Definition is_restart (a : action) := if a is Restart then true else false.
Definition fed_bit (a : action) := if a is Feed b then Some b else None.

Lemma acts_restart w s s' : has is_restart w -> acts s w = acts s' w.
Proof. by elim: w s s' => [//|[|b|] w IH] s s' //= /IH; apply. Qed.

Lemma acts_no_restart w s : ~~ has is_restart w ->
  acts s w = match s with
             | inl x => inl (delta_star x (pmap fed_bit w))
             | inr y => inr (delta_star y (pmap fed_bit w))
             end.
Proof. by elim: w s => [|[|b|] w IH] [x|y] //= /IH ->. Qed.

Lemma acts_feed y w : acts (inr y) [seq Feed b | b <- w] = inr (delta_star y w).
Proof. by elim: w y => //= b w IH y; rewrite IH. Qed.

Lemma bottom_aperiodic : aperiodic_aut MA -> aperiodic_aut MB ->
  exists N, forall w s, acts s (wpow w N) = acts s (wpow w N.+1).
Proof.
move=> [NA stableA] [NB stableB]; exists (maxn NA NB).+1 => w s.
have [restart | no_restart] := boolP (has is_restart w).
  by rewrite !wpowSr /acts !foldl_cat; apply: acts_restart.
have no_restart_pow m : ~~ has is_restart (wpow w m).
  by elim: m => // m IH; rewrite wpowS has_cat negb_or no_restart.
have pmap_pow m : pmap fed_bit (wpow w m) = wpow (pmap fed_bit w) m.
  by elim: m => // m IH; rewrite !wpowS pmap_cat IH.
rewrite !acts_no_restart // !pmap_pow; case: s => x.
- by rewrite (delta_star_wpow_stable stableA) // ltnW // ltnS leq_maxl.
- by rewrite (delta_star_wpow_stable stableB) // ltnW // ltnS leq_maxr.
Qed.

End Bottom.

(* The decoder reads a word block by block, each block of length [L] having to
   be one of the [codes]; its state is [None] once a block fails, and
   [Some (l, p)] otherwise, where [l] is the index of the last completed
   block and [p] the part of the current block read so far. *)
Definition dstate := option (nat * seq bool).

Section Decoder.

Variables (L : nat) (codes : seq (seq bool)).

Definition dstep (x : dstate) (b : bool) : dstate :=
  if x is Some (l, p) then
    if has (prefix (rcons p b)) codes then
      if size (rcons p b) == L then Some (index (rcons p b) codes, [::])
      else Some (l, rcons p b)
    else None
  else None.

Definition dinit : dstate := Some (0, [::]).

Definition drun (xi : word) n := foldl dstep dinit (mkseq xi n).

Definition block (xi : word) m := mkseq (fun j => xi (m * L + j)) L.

+ + + + +

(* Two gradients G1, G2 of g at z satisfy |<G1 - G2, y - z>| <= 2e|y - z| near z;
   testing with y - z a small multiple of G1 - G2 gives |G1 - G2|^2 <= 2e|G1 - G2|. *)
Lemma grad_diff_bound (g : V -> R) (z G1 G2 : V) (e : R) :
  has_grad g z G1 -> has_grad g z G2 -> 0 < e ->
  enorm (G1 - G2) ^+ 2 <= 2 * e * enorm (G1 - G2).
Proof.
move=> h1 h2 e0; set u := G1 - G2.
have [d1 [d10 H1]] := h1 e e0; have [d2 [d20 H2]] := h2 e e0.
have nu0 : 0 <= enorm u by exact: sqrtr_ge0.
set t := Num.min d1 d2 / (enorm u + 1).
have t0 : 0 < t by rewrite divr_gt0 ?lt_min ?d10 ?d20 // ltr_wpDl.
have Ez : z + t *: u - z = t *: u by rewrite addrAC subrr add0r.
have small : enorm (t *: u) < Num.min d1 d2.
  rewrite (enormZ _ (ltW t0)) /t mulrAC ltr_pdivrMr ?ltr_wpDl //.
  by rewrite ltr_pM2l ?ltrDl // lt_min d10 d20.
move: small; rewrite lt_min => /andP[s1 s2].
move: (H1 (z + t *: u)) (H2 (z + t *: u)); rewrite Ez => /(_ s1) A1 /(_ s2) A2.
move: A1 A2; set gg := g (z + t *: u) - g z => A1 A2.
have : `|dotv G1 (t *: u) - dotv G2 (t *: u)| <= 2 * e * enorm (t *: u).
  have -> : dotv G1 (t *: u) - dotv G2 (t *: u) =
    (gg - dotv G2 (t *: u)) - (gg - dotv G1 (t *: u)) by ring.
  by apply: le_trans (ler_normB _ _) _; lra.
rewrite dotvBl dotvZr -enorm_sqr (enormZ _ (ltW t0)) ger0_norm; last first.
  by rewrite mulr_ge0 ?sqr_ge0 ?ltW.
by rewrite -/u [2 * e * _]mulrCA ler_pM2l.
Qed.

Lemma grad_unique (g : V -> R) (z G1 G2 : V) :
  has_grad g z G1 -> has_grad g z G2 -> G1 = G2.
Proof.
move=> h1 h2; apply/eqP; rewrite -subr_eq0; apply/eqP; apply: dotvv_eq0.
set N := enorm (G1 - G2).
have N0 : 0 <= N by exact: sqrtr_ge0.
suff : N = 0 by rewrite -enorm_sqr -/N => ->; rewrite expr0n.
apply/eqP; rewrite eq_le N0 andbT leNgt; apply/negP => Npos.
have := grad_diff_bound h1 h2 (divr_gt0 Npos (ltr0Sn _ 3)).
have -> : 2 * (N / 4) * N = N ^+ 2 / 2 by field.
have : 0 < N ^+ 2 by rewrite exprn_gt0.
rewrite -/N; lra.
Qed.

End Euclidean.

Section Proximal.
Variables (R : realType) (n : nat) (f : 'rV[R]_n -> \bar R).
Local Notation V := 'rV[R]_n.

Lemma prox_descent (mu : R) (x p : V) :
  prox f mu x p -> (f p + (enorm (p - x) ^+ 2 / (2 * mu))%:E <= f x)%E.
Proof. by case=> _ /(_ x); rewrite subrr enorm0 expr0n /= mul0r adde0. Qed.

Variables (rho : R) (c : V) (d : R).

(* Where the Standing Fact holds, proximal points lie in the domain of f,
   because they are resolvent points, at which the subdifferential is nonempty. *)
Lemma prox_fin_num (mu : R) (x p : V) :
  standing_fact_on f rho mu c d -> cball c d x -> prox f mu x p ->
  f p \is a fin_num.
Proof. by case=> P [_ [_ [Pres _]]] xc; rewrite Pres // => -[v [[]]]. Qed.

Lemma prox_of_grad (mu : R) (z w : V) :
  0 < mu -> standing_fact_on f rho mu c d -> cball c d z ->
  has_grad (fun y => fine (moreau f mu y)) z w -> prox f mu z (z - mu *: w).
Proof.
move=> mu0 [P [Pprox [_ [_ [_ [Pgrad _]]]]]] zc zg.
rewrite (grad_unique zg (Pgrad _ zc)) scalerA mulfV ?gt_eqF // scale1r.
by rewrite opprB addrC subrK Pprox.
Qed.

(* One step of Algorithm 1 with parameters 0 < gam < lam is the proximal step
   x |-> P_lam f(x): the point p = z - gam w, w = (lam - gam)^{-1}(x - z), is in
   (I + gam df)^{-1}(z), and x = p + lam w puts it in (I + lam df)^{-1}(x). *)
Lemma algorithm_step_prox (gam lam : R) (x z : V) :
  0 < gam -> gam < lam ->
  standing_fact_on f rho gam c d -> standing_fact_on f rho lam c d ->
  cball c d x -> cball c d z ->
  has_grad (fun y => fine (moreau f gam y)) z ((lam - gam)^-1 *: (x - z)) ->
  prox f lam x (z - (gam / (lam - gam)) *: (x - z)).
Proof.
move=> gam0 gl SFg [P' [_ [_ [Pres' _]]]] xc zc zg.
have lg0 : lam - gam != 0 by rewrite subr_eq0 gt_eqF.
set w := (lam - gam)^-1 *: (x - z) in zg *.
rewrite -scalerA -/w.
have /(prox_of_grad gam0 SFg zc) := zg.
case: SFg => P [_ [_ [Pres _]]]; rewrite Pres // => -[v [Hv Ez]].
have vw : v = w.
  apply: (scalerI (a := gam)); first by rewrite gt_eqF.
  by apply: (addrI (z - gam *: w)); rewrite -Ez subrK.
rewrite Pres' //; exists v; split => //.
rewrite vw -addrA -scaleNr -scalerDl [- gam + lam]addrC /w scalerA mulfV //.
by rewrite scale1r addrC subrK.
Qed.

+ + + + +

(Work required):
Please reproduce, exactly as they appear above, the lines from the line containing "Lemma grad_unique (g" up to and including the line containing "suff : N = 0".

(Reply):
Lemma grad_unique (g : V -> R) (z G1 G2 : V) :
  has_grad g z G1 -> has_grad g z G2 -> G1 = G2.
Proof.
move=> h1 h2; apply/eqP; rewrite -subr_eq0; apply/eqP; apply: dotvv_eq0.
set N := enorm (G1 - G2).
have N0 : 0 <= N by exact: sqrtr_ge0.
suff : N = 0 by rewrite -enorm_sqr -/N => ->; rewrite expr0n.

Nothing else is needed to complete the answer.